Она мгновенно помрачнела. Перестала радостно прыгать. Натянуто улыбнулась. Я не мог взять в толк, откуда такая перемена.

— Грустные истории никому не нравятся, — проговорила она. — А у тебя наверняка ровно такая, как надо, уж меня-то не проведешь. Лицом ты похож на пострадавших от Пыльного ковша: я их фото видела. Ты оки, да? Расскажи, как сюда попал, и твоя история попадет в журнал «Лайф»!

Даже фермерские мальчишки знали, что такое журнал «Лайф» — листать его было почти то же самое, что смотреть телевизор, и на каждой блестящей страничке пестрели яркие, цветные фотографии со всего света.

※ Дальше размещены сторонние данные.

(* Let $(Q,\mathbf z)$ be a model for a tropical Plücker vector $\pi_\bullet\in\mathrm{Dr}(k,n)$. Then for every $v\in V(Q)$ such that $M_v$ is nonempty, $M_v=M(\pi^{-\mathbf b_v}_\bullet)$, and in particular $M_v$ is a matroid.
   Context: $Q$ is a finite loopless directed graph with labeled vertices $\mathbf z=(z_1,\dots,z_n)\in V(Q)^n$; directed distance $\delta(v,w)$ is the minimal walk cost where an edge is traversed forwards at cost 1 and backwards at cost $k-1$ (assumed finite, with $\delta(v,w)=1,\delta(w,v)=k-1$ for each edge $v\to w$). $(Q,\mathbf z)$ is a model for $\pi_\bullet\in\mathbb R^{\binom{[n]}k}$ if $\pi_I=-\frac1k\min_{x\in V(Q)}\sum_{i\in I}\delta(x,z_i)$ for all $I$; $v$ is a distance minimizer for $I$ if it attains this minimum. $M_v=\{I\in\binom{[n]}k: v\text{ is a distance minimizer for }I\}$. $\mathbf b_v=\frac1k(\delta(v,z_1),\dots,\delta(v,z_n))$. $\mathrm{Dr}(k,n)$: vectors such that for all $S\in\binom{[n]}{k-2}$ and $a<b<c<d\notin S$, $\min(\pi_{Sab}+\pi_{Scd},\pi_{Sac}+\pi_{Sbd},\pi_{Sad}+\pi_{Sbc})$ is attained twice. $\pi^{\mathbf x}_I=\pi_I-\sum_{i\in I}x_i$ and $M(\pi^{\mathbf x}_\bullet)=\{I:\pi^{\mathbf x}_I=\min_J\pi^{\mathbf x}_J\}$. *)

From mathcomp Require Import all_boot all_order all_algebra.
Set Implicit Arguments. Unset Strict Implicit. Unset Printing Implicit Defensive.
Import Order.TTheory GRing.Theory Num.Theory.
Local Open Scope ring_scope.

Section Defs.
Variable V : finType.

Inductive walk (e : rel V) (k : nat) : V -> V -> nat -> Prop :=
| walk_nil v : walk e k v v 0
| walk_fwd v u w c : e v u -> walk e k u w c -> walk e k v w (1 + c)
| walk_bwd v u w c : e u v -> walk e k u w c -> walk e k v w ((k - 1) + c).

Definition is_dirdist (e : rel V) (k : nat) (delta : V -> V -> nat) : Prop :=
  forall v w, walk e k v w (delta v w) /\
              (forall c, walk e k v w c -> (delta v w <= c)%N).

Variables (n : nat) (delta : V -> V -> nat) (z : 'I_n -> V).

Definition dsum (x : V) (I : {set 'I_n}) : nat := (\sum_(i in I) delta x (z i))%N.

Definition dist_minimizer (x : V) (I : {set 'I_n}) : bool :=
  [forall y : V, (dsum x I <= dsum y I)%N].

Variables (R : realFieldType) (k : nat).

Definition is_model (pi : {set 'I_n} -> R) : Prop :=
  forall I : {set 'I_n}, #|I| = k ->
    exists x : V, dist_minimizer x I /\ pi I = - ((dsum x I)%:R / k%:R).

Definition Mv (v : V) : {set {set 'I_n}} :=
  [set I : {set 'I_n} | (#|I| == k) && dist_minimizer v I].

Definition bv (v : V) : 'I_n -> R := fun i => (delta v (z i))%:R / k%:R.

End Defs.

Section Trop.
Variables (R : realFieldType) (n k : nat).

Definition min_twice (p q r : R) : bool :=
  [|| (p == q) && (p <= r), (p == r) && (p <= q) | (q == r) && (q <= p)].

Definition Dressian (pi : {set 'I_n} -> R) : Prop :=
  forall S : {set 'I_n}, (#|S| + 2)%N = k ->
  forall a b c d : 'I_n, (a < b)%N -> (b < c)%N -> (c < d)%N ->
    a \notin S -> b \notin S -> c \notin S -> d \notin S ->
    min_twice (pi (a |: (b |: S)) + pi (c |: (d |: S)))
              (pi (a |: (c |: S)) + pi (b |: (d |: S)))
              (pi (a |: (d |: S)) + pi (b |: (c |: S))).

Definition pi_shift (pi : {set 'I_n} -> R) (x : 'I_n -> R) (I : {set 'I_n}) : R :=
  pi I - \sum_(i in I) x i.

Definition Mmin (pi : {set 'I_n} -> R) : {set {set 'I_n}} :=
  [set I : {set 'I_n} | (#|I| == k) &&
     [forall J : {set 'I_n}, (#|J| == k) ==> (pi I <= pi J)]].

End Trop.

Definition is_matroid (n : nat) (B : {set {set 'I_n}}) : Prop :=
  B != set0 /\
  forall B1 B2, B1 \in B -> B2 \in B -> forall x, x \in B1 :\: B2 ->
    exists2 y, y \in B2 :\: B1 & (y |: (B1 :\ x)) \in B.

(* Write pi_v for the shifted vector pi^{-b_v}.  By the model identity,
   k * pi_v(I) = sum_(i in I) delta(v, z_i) - min_x sum_(i in I) delta(x, z_i),
   which is nonnegative and vanishes exactly when v is a distance minimizer
   for I; so if M_v is nonempty, it is the set M(pi_v) of minimizers of pi_v.
   The shift preserves the three-term Pluecker relations, which say that the
   pairing ab|cd never strictly minimizes pi_v(Sab) + pi_v(Scd) among the three
   pairings.  By induction on |B \ B'| this local exchange property yields the
   valuated matroid inequality
     pi_v(B - u + v) + pi_v(B' - v + u) <= pi_v(B) + pi_v(B')  for some v;
   in the induction step a second w in B \ B' is first exchanged into B'
   against the v' minimizing pi_v(B' - v' + w) + pi_v(B - u + v'), and a single
   local exchange then closes the argument.  For two minimizers B, B' the
   inequality forces both exchanged sets to be minimizers: basis exchange. *)

From mathcomp Require Import all_boot all_order all_algebra.
From mathcomp Require Import lra.
Import Order.TTheory GRing.Theory Num.Theory.
Set Implicit Arguments. Unset Strict Implicit. Unset Printing Implicit Defensive.
Local Open Scope ring_scope.

Section Exchange.
Variables (T : finType) (R : realDomainType).
Implicit Types (A B S : {set T}) (a b c d u v w : T).

Definition exch B u v : {set T} := v |: (B :\ u).

Lemma card_exch B u v : u \in B -> v \notin B -> #|exch B u v| = #|B|.
Proof.
by move=> uB vB; rewrite cardsU1 (cardsD1 u B) uB !inE (negbTE vB) andbF.
Qed.

Lemma exch_setU1 A a b : a \notin A -> exch (a |: A) a b = b |: A.
Proof. by move=> aA; rewrite /exch setU1K. Qed.

Lemma setD_exch A B v w : v \notin A -> A :\: exch B v w = (A :\: B) :\ w.
Proof.
move=> vA; apply/setP => i; rewrite !inE negb_or negb_and negbK.
by case: (eqVneq i v) => [->|_]; rewrite ?(negbTE vA) ?andbF //= andbA.
Qed.

Lemma exch_single B B' u v :
  B :\: B' = [set u] -> B' :\: B = [set v] -> exch B u v = B'.
Proof.
move=> DB DB'; rewrite /exch -DB -DB' setDDr setDv set0U.
by rewrite setIC setUC setID.
Qed.

Lemma cardsD_sym A B : #|A| = #|B| -> #|A :\: B| = #|B :\: A|.
Proof. by move=> cardAB; rewrite !cardsD cardAB setIC. Qed.

Lemma setU1CA a b S : a |: (b |: S) = b |: (a |: S).
Proof. exact: setUCA. Qed.

Variable f : {set T} -> R.

Definition local_exchange_at S a b c d : Prop :=
  f (a |: (c |: S)) + f (b |: (d |: S)) <= f (a |: (b |: S)) + f (c |: (d |: S)) \/
  f (a |: (d |: S)) + f (b |: (c |: S)) <= f (a |: (b |: S)) + f (c |: (d |: S)).

Definition local_exchange (k : nat) : Prop :=
  forall S a b c d, (#|S| + 2)%N = k ->
    a \notin S -> b \notin S -> c \notin S -> d \notin S -> uniq [:: a; b; c; d] ->
  local_exchange_at S a b c d.

Definition exchange_ineq B B' : Prop :=
  forall u, u \in B :\: B' ->
  exists2 v, v \in B' :\: B & f (exch B u v) + f (exch B' v u) <= f B + f B'.

Lemma local_exchange_atCl S a b c d :
  local_exchange_at S b a c d -> local_exchange_at S a b c d.
Proof. by rewrite /local_exchange_at (setU1CA b a) => -[]; [right|left]; lra. Qed.

Lemma local_exchange_atCr S a b c d :
  local_exchange_at S a b d c -> local_exchange_at S a b c d.
Proof. by rewrite /local_exchange_at (setU1CA d c) => -[]; [right|left]; lra. Qed.

Lemma local_exchange_atC S a b c d :
  local_exchange_at S c d a b -> local_exchange_at S a b c d.
Proof.
rewrite /local_exchange_at (setU1CA c a) (setU1CA d b) (setU1CA c b) (setU1CA d a).
by case=> ?; [left|right]; lra.
Qed.

Lemma exchange_ineq1 B B' :
  #|B| = #|B'| -> #|B :\: B'| = 1%N -> exchange_ineq B B'.
Proof.
move=> cardBB' /eqP/cards1P [u DB] x; rewrite DB inE => /eqP ->.
have /cards1P [v DB'] : #|B' :\: B| == 1%N by rewrite -cardsD_sym // DB cards1.
exists v; first by rewrite DB' set11.
by rewrite (exch_single DB DB') (exch_single DB' DB) addrC.
Qed.

Section LocalToGlobal.
Variable k : nat.
Hypothesis f_local : local_exchange k.

Lemma exchange_ineq_combine B B' u w v v' :
  #|B'| = k -> u \notin B' -> w \notin B' -> w != u ->
  v \in B' -> v' \in B' -> v != v' ->
  f (exch B u v) + f (exch (exch B' v' w) v u) <= f B + f (exch B' v' w) ->
  f (exch B' v' w) + f (exch B u v') <= f (exch B' v w) + f (exch B u v) ->
  f (exch B u v') + f (exch B' v' u) <= f B + f B' \/
  f (exch B u v) + f (exch B' v u) <= f B + f B'.
Proof.
move=> cardB' uB' wB' wu vB' v'B' vv' ineq_v v'_le_v.
set S := B' :\ v :\ v'.
have DB' : B' = v |: (v' |: S) by rewrite /S setD1K ?setD1K // !inE eq_sym vv'.
have [uS wS vS v'S] : [/\ u \notin S, w \notin S, v \notin S & v' \notin S].
  by rewrite !inE (negbTE uB') (negbTE wB') !eqxx !andbF.
have cardS : (#|S| + 2)%N = k.
  by rewrite -cardB' DB' !cardsU1 in_setU1 negb_or vv' vS v'S !add1n addn2.
have [uv uv'] : u != v /\ u != v' by split; apply: contraNneq uB' => ->.
have [wv wv'] : w != v /\ w != v' by split; apply: contraNneq wB' => ->.
have uniq_uwvv' : uniq [:: u; w; v; v'].
  by rewrite /= !inE !negb_or (eq_sym u w) wu uv uv' wv wv' vv'.
have v'vS : v' \notin v |: S by rewrite in_setU1 negb_or eq_sym vv' v'S.
have vv'S : v \notin v' |: S by rewrite in_setU1 negb_or vv' vS.
have vwS : v \notin w |: S by rewrite in_setU1 negb_or eq_sym wv vS.
have exch_v'w : exch B' v' w = w |: (v |: S) by rewrite DB' setU1CA exch_setU1.
have exch_vw : exch B' v w = w |: (v' |: S) by rewrite DB' exch_setU1.
have exch_v'u : exch B' v' u = u |: (v |: S) by rewrite DB' setU1CA exch_setU1.
have exch_vu : exch B' v u = u |: (v' |: S) by rewrite DB' exch_setU1.
have exch_wvu : exch (w |: (v |: S)) v u = u |: (w |: S).
  by rewrite setU1CA exch_setU1.
move: ineq_v v'_le_v (f_local cardS uS wS vS v'S uniq_uwvv').
rewrite /local_exchange_at -DB' exch_v'w exch_vw exch_v'u exch_vu exch_wvu.
by move=> ? ? [?|?]; [left|right]; lra.
Qed.

Lemma exchange_ineq_step B B' (d : nat) :
  (forall C : {set T}, #|B :\: C| = d -> #|C| = k -> exchange_ineq B C) ->
  (0 < d)%N -> #|B| = k -> #|B :\: B'| = d.+1 -> #|B'| = k ->
  exchange_ineq B B'.
Proof.
move=> IH d_gt0 cardB cardBB' cardB' u uBB'.
have [w] : exists w, w \in (B :\: B') :\ u.
  by apply/set0Pn; rewrite -card_gt0; move: cardBB'; rewrite (cardsD1 u) uBB' add1n => -[->].
rewrite !inE => /and3P [wu wB' wB].
have /set0Pn [v0 v0B'B] : B' :\: B != set0.
  by rewrite -card_gt0 -cardsD_sym ?cardBB' ?cardB.
case: (arg_minP (fun y => f (exch B' y w) + f (exch B u y)) v0B'B) => v' v'B'B v'_min.
move: uBB' (v'B'B : v' \in B' :\: B); rewrite !inE => /andP [uB' uB] /andP [v'B v'B'].
have cardB'' : #|exch B' v' w| = k by rewrite card_exch.
have uBB'' : u \in B :\: exch B' v' w by rewrite setD_exch // !inE uB uB' eq_sym wu.
have cardBB'' : #|B :\: exch B' v' w| = d.
  by move: cardBB'; rewrite setD_exch // (cardsD1 w (B :\: B')) !inE wB wB' => -[].
have [v] := IH _ cardBB'' cardB'' u uBB''.
rewrite !inE => /andP [vB /orP [/eqP vw | /andP [vv' vB']]]; first by rewrite vw wB in vB.
move=> ineq_v; have vB'B : v \in B' :\: B by rewrite !inE vB vB'.
have [?|?] := exchange_ineq_combine cardB' uB' wB' wu vB' v'B' vv' ineq_v (v'_min v vB'B).
  by exists v'; rewrite // !inE v'B v'B'.
by exists v.
Qed.

Theorem exchange_ineq_of_local B B' : #|B| = k -> #|B'| = k -> exchange_ineq B B'.
Proof.
move=> cardB; move dE : #|B :\: B'| => d; elim: d B' dE => [|d IH] B' cardBB' cardB'.
  by move=> u; rewrite (cards0_eq cardBB') inE.
case: d IH cardBB' => [|d] IH cardBB'; first by apply: exchange_ineq1; rewrite ?cardB.
exact: exchange_ineq_step IH _ cardB cardBB' cardB'.
Qed.

End LocalToGlobal.
End Exchange.

Lemma min_twice_le (R : realFieldType) (p q r : R) : min_twice p q r ->
  [/\ q <= p \/ r <= p, p <= q \/ r <= q & p <= r \/ q <= r].
Proof. by case/or3P => /andP [/eqP <- le]; split; rewrite ?lexx; auto. Qed.

Section DressianLocalExchange.
Variables (R : realFieldType) (n k : nat) (pi : {set 'I_n} -> R).
Hypothesis Dpi : Dressian k pi.

Lemma local_exchange_at_sorted (S : {set 'I_n}) (a b c d : 'I_n) : (#|S| + 2)%N = k ->
  (a < b)%N -> (b < c)%N -> (c < d)%N ->
  a \notin S -> b \notin S -> c \notin S -> d \notin S ->
  [/\ local_exchange_at pi S a b c d, local_exchange_at pi S a c b d
    & local_exchange_at pi S a d b c].
Proof.
move=> cardS ab bc cd aS bS cS dS.
case: (min_twice_le (Dpi cardS ab bc cd aS bS cS dS)).
by rewrite /local_exchange_at (setU1CA c b) (setU1CA d c) (setU1CA d b).
Qed.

Одни только женские фото чего стоили!

— Так ты работаешь в журнале «Лайф»?

— Делаю фотоэссе, — пояснила она, изобразив ладонями фотокамеру. — «В эти дни, когда страну разоряет Депрессия, а на горизонте замаячила война в Европе, парочка жирафов, переживших ураган, дарит людям желанную радость по пути через всю страну в зоопарк Сан-Диего, где их ждет директриса, миссис Белль Бенчли». — Она дернула пальцем, точно нажала на кнопку фотоаппарата, чтобы сделать снимок. — Без фотографий эти слова мало что значат. Даже если случится Второе пришествие, в «Лайф» о нем писать не станут, пока не предоставят фото. Я хочу сделать фотоэссе и о Белль Бенчли, когда доберемся до места. Хочу стать новой Маргарет Бурк-Уайт!

— Кем-кем?

— Это первая женщина-фотограф, которая работала в «Лайф», — пояснила Рыжик. — Если читал журнал, то наверняка видел ее снимки. Как по мне, это величайший фотограф на Земле.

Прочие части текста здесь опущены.